• **BRIEF**
Each line shown below should be copied exactly.

[Opening DATA FOR THIS TASK section]

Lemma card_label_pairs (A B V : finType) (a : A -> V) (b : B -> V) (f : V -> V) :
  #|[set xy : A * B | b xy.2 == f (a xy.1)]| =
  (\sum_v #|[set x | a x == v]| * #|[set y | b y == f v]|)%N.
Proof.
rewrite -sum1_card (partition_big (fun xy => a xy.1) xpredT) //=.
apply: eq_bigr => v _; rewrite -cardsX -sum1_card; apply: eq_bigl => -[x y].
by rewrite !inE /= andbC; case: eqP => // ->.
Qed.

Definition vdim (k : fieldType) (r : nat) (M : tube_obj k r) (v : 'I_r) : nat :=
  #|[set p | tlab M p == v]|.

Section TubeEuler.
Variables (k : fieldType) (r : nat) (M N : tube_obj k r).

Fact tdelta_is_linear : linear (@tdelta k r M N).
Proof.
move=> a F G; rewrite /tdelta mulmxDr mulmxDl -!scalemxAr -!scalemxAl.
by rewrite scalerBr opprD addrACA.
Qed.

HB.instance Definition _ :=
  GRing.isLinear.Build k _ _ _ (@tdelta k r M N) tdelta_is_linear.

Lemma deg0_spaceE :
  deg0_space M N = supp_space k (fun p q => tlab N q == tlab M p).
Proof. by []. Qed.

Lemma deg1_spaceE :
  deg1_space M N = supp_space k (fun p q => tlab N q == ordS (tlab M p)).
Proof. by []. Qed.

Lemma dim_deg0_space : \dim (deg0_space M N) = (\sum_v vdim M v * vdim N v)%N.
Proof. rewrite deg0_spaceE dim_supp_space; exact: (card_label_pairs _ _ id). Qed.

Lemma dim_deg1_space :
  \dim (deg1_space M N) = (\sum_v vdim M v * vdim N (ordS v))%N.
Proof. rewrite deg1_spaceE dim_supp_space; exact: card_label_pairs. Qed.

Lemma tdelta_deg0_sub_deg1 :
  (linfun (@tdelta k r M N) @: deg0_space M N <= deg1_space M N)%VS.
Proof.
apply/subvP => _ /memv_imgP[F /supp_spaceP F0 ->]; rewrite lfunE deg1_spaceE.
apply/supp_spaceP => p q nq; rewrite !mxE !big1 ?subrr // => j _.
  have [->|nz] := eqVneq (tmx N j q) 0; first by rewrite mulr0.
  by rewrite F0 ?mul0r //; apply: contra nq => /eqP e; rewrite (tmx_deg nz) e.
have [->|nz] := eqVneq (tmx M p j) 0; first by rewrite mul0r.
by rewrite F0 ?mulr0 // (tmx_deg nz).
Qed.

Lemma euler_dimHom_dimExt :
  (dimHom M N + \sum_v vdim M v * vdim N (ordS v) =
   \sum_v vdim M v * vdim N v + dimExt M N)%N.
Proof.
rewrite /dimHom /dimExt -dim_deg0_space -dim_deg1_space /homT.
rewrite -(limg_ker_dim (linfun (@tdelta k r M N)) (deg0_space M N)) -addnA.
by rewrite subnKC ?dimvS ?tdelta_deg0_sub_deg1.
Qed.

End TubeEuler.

[Closing DATA FOR THIS TASK section]

• **WRITTEN ANSWER**
Lemma card_label_pairs (A B V : finType) (a : A -> V) (b : B -> V) (f : V -> V) :
  #|[set xy : A * B | b xy.2 == f (a xy.1)]| =
  (\sum_v #|[set x | a x == v]| * #|[set y | b y == f v]|)%N.
Proof.
rewrite -sum1_card (partition_big (fun xy => a xy.1) xpredT) //=.
apply: eq_bigr => v _; rewrite -cardsX -sum1_card; apply: eq_bigl => -[x y].
by rewrite !inE /= andbC; case: eqP => // ->.
Qed.

Definition vdim (k : fieldType) (r : nat) (M : tube_obj k r) (v : 'I_r) : nat :=
  #|[set p | tlab M p == v]|.

Section TubeEuler.
Variables (k : fieldType) (r : nat) (M N : tube_obj k r).

Fact tdelta_is_linear : linear (@tdelta k r M N).
Proof.
move=> a F G; rewrite /tdelta mulmxDr mulmxDl -!scalemxAr -!scalemxAl.
by rewrite scalerBr opprD addrACA.
Qed.

HB.instance Definition _ :=
  GRing.isLinear.Build k _ _ _ (@tdelta k r M N) tdelta_is_linear.

Lemma deg0_spaceE :
  deg0_space M N = supp_space k (fun p q => tlab N q == tlab M p).
Proof. by []. Qed.

Lemma deg1_spaceE :
  deg1_space M N = supp_space k (fun p q => tlab N q == ordS (tlab M p)).
Proof. by []. Qed.

Lemma dim_deg0_space : \dim (deg0_space M N) = (\sum_v vdim M v * vdim N v)%N.
Proof. rewrite deg0_spaceE dim_supp_space; exact: (card_label_pairs _ _ id). Qed.

Lemma dim_deg1_space :
  \dim (deg1_space M N) = (\sum_v vdim M v * vdim N (ordS v))%N.
Proof. rewrite deg1_spaceE dim_supp_space; exact: card_label_pairs. Qed.

Lemma tdelta_deg0_sub_deg1 :
  (linfun (@tdelta k r M N) @: deg0_space M N <= deg1_space M N)%VS.
Proof.
apply/subvP => _ /memv_imgP[F /supp_spaceP F0 ->]; rewrite lfunE deg1_spaceE.
apply/supp_spaceP => p q nq; rewrite !mxE !big1 ?subrr // => j _.
  have [->|nz] := eqVneq (tmx N j q) 0; first by rewrite mulr0.
  by rewrite F0 ?mul0r //; apply: contra nq => /eqP e; rewrite (tmx_deg nz) e.
have [->|nz] := eqVneq (tmx M p j) 0; first by rewrite mul0r.
by rewrite F0 ?mulr0 // (tmx_deg nz).
Qed.

Lemma euler_dimHom_dimExt :
  (dimHom M N + \sum_v vdim M v * vdim N (ordS v) =
   \sum_v vdim M v * vdim N v + dimExt M N)%N.
Proof.
rewrite /dimHom /dimExt -dim_deg0_space -dim_deg1_space /homT.
rewrite -(limg_ker_dim (linfun (@tdelta k r M N)) (deg0_space M N)) -addnA.
by rewrite subnKC ?dimvS ?tdelta_deg0_sub_deg1.
Qed.

End TubeEuler.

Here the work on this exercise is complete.